*** Input material ***

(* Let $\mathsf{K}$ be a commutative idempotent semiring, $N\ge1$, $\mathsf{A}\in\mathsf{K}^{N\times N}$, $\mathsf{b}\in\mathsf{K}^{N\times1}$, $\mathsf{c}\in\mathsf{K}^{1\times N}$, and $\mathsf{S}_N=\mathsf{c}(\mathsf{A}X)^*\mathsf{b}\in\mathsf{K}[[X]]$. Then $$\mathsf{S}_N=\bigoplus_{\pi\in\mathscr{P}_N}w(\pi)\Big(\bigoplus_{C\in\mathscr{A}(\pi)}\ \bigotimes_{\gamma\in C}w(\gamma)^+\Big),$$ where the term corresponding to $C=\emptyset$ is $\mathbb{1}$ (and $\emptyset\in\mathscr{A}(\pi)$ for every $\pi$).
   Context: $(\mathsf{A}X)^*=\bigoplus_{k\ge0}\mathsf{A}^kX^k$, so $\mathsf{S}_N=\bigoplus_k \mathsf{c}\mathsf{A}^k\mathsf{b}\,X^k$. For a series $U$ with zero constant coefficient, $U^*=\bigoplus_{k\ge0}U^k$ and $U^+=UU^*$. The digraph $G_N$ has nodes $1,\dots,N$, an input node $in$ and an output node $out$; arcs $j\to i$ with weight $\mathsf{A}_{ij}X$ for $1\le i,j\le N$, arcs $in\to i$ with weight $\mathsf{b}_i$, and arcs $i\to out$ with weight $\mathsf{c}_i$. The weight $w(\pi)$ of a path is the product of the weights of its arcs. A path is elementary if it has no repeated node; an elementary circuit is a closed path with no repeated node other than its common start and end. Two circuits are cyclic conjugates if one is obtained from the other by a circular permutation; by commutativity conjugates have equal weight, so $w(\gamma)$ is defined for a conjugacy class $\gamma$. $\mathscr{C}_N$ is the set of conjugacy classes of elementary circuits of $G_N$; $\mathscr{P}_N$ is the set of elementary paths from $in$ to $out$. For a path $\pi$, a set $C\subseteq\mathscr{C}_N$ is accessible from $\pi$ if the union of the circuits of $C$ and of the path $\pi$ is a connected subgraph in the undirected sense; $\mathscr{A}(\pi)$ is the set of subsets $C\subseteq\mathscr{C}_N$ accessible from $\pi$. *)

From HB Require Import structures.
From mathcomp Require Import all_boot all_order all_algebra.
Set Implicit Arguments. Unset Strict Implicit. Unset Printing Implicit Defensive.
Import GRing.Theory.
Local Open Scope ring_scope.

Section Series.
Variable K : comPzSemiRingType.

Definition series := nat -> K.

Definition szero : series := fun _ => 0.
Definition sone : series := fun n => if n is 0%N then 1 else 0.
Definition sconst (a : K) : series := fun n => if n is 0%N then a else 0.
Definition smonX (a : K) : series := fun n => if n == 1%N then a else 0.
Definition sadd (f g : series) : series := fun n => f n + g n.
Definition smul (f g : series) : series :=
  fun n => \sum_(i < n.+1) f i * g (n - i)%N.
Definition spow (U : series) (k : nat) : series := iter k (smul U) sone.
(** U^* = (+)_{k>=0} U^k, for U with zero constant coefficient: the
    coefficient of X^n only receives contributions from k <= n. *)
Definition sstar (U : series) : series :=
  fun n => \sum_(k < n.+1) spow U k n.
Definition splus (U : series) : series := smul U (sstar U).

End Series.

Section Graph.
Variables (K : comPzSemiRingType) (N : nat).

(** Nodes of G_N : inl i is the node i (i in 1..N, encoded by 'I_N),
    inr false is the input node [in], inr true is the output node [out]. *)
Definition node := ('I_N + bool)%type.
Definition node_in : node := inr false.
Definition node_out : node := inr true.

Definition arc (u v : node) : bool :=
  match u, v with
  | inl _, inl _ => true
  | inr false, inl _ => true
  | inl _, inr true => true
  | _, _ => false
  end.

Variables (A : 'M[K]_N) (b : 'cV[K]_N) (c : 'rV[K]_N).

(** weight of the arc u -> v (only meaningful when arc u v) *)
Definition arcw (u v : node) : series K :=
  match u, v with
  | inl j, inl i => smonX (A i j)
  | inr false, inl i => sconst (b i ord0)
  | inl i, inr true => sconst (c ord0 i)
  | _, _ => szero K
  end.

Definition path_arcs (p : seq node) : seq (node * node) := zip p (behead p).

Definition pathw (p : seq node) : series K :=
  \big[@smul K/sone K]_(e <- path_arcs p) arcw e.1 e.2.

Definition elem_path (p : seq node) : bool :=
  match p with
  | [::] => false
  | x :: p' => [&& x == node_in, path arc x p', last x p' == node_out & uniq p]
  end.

*** End of Input material ***
*** Input material ***

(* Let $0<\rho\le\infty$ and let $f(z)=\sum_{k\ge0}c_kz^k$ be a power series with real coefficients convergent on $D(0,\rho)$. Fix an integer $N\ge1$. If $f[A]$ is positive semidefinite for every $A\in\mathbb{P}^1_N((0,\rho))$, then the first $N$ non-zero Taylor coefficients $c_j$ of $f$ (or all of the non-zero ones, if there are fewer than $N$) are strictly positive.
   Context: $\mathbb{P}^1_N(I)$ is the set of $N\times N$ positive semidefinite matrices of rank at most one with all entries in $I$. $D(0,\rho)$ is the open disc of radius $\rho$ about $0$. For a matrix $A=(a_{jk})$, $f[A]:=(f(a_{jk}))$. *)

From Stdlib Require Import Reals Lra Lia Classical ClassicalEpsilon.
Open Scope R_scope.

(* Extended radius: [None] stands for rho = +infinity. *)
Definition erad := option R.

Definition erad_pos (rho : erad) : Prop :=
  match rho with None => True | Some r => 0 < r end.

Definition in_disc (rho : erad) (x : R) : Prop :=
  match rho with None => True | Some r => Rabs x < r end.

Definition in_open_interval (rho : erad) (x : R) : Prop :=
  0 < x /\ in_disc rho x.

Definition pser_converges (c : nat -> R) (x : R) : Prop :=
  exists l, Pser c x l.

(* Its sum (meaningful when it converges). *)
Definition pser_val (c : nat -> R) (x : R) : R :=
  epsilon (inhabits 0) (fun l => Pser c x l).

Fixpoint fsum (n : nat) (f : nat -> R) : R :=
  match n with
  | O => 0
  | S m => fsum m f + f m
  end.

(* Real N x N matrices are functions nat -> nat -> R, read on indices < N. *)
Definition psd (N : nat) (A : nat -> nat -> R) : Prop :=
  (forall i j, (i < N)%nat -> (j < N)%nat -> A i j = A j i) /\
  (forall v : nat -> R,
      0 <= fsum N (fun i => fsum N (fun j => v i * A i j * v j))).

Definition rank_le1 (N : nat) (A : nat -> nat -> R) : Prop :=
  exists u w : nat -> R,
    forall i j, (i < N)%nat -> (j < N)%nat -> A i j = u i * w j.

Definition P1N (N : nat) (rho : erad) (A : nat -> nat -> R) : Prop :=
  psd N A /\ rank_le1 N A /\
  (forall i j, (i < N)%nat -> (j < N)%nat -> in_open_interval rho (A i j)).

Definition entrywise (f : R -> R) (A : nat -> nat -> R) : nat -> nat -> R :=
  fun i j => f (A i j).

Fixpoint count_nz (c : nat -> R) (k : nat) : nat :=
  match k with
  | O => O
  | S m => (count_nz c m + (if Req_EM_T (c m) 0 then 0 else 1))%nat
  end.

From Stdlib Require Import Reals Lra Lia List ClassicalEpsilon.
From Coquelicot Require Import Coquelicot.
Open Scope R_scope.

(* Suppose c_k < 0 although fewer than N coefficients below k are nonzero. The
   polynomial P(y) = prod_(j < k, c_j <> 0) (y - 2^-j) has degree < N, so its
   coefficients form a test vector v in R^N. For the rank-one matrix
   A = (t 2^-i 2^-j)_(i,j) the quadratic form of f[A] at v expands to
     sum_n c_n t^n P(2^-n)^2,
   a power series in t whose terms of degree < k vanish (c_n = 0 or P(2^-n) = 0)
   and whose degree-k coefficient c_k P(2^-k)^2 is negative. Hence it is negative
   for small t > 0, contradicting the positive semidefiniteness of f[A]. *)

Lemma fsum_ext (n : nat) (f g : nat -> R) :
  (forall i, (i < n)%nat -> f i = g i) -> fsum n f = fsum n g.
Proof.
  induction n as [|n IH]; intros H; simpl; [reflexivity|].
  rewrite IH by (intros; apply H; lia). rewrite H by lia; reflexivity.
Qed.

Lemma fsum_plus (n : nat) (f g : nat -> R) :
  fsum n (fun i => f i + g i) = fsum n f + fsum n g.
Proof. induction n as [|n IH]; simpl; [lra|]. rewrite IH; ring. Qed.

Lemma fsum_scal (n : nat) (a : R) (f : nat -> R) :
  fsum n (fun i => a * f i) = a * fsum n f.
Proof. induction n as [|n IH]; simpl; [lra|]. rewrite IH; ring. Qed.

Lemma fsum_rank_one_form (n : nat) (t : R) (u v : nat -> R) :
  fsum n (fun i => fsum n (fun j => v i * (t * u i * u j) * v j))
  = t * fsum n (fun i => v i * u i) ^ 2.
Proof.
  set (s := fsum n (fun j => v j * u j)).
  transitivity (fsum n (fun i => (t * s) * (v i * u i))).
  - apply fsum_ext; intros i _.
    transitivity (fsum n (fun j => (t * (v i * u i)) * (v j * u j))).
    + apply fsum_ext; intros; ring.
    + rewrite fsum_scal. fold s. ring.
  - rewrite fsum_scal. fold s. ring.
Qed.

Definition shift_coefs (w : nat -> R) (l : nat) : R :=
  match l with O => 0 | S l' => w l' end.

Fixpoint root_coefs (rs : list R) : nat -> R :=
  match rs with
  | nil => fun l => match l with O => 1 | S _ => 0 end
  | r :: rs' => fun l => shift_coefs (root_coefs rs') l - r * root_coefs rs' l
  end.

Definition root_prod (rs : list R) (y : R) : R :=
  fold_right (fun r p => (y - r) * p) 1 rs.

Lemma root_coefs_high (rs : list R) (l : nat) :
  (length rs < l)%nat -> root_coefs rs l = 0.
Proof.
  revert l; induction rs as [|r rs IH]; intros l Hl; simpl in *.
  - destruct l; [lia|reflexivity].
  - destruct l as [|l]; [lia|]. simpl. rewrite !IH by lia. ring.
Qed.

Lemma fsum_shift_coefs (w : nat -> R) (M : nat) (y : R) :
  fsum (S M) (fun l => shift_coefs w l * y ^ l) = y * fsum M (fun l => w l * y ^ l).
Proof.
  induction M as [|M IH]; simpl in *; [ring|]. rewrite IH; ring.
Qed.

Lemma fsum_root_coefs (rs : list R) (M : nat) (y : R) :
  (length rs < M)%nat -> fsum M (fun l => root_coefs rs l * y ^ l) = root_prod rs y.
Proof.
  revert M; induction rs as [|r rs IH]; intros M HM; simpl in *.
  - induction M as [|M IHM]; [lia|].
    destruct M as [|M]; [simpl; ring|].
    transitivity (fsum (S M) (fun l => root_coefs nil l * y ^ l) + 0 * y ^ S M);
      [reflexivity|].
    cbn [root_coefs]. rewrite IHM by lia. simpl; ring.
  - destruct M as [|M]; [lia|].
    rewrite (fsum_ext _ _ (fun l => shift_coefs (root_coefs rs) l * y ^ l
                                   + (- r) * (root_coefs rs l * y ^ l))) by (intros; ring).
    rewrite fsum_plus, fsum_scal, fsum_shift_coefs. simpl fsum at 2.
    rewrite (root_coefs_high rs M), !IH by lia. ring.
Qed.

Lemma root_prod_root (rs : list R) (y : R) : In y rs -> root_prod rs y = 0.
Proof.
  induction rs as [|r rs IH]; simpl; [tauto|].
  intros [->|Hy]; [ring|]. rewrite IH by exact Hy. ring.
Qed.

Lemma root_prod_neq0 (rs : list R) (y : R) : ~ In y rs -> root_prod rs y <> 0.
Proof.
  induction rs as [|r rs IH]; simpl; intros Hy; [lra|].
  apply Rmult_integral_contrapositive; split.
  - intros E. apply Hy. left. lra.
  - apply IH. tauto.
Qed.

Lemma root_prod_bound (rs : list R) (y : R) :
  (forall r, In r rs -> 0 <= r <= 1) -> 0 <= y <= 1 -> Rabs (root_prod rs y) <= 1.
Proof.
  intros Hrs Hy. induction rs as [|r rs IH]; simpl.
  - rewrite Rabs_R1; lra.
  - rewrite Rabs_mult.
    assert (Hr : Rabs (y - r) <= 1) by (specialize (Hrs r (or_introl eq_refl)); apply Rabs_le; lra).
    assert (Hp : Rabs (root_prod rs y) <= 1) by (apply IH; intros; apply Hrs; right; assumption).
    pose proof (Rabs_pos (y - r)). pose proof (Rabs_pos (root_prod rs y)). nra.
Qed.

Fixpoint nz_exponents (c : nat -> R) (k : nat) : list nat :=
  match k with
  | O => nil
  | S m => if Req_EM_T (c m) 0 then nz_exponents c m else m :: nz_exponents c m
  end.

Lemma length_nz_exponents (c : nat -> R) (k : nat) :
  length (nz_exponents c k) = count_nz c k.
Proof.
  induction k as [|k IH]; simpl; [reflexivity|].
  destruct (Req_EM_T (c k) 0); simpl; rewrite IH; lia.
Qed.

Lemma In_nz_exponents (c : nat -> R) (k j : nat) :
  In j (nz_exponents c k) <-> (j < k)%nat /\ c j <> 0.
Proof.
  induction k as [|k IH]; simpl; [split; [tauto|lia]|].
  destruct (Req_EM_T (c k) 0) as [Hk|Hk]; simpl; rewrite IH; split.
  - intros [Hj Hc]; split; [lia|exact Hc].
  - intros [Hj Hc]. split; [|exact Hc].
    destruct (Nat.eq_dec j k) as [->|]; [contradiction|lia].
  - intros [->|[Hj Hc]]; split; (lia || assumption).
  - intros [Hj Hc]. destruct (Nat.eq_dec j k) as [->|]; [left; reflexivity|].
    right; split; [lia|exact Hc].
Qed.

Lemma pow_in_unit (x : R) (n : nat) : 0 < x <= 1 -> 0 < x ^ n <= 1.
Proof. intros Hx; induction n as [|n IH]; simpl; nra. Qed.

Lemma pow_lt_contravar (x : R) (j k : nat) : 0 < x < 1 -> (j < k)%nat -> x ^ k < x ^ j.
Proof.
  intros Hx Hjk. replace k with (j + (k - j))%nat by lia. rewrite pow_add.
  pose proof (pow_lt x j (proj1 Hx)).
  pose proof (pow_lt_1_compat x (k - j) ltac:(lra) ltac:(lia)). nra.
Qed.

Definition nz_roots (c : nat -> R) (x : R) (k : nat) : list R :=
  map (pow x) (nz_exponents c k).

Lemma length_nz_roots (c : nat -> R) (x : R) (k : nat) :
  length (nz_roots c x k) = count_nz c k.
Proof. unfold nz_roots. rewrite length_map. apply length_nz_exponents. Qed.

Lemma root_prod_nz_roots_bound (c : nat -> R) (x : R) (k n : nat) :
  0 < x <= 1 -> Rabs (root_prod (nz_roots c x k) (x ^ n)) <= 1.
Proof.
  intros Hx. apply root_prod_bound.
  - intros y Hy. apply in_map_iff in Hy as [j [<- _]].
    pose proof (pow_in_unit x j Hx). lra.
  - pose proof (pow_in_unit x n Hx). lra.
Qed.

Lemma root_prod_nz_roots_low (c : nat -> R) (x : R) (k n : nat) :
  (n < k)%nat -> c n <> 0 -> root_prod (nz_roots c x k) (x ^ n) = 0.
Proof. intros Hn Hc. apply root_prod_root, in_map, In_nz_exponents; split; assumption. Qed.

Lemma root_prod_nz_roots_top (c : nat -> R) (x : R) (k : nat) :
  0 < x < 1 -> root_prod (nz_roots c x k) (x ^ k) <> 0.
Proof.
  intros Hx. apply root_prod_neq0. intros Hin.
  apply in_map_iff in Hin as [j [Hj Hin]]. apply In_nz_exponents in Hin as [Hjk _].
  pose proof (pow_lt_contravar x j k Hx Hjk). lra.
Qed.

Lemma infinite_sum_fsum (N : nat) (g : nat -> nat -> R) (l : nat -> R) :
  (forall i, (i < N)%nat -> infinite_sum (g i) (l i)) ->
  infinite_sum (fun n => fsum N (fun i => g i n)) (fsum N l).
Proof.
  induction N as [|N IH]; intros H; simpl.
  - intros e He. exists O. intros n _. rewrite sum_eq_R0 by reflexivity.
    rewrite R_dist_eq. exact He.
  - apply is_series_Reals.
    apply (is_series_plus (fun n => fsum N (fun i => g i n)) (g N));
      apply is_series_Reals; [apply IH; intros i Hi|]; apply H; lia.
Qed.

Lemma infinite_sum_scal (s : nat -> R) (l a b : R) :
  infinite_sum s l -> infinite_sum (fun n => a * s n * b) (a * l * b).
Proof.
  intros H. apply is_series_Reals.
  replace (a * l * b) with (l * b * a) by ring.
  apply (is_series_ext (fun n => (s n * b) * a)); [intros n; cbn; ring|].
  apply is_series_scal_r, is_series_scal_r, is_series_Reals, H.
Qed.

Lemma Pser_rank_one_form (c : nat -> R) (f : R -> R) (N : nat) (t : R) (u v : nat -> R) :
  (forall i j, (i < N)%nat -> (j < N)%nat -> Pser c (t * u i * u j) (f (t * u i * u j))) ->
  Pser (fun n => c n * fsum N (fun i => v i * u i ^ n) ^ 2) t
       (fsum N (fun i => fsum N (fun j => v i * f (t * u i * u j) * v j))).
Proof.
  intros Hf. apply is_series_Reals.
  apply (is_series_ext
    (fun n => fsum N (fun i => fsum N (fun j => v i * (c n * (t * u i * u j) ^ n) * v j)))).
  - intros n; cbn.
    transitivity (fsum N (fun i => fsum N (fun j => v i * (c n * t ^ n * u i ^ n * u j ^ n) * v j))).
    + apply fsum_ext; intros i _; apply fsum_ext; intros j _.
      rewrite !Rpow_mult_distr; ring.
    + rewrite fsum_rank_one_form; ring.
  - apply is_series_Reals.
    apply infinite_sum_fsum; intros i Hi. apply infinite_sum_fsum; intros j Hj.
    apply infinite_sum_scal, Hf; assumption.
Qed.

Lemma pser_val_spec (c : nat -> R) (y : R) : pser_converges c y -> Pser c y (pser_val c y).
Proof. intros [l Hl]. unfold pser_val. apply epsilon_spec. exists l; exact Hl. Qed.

*** End of Input material ***
*** Input material ***

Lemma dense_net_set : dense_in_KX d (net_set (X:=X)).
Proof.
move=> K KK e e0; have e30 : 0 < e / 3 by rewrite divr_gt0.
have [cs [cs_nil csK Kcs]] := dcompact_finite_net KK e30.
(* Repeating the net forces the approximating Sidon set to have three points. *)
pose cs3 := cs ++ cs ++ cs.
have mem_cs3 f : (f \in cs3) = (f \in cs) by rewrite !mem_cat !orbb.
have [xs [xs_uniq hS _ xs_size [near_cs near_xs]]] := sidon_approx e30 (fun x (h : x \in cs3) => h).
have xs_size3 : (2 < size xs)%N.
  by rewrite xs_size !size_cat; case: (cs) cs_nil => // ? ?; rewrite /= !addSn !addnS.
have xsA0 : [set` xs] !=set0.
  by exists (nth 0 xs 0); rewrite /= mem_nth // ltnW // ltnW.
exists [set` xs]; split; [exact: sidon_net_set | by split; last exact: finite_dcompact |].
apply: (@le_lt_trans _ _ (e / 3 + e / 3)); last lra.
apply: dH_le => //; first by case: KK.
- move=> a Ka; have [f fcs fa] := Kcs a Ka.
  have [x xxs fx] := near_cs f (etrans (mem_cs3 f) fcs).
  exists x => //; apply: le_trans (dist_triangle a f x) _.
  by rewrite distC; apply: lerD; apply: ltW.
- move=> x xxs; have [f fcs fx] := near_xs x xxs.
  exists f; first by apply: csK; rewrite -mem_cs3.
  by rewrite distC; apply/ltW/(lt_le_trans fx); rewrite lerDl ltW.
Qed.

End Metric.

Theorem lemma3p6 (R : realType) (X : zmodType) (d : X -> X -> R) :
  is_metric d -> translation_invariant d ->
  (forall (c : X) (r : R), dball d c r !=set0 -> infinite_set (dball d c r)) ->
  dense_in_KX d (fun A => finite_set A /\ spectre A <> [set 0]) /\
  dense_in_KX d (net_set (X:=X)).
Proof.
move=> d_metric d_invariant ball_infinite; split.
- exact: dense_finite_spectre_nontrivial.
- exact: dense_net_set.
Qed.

*** End of Input material ***

## Exercise prompt
In the entries above, the lines between the one holding "- intros E. apply Hy. left. lra." and the one holding "- rewrite Rabs_mult.", inclusive, are to be printed exactly as written, and those alone.

## Written solution
  - intros E. apply Hy. left. lra.
  - apply IH. tauto.
Qed.

Lemma root_prod_bound (rs : list R) (y : R) :
  (forall r, In r rs -> 0 <= r <= 1) -> 0 <= y <= 1 -> Rabs (root_prod rs y) <= 1.
Proof.
  intros Hrs Hy. induction rs as [|r rs IH]; simpl.
  - rewrite Rabs_R1; lra.
  - rewrite Rabs_mult.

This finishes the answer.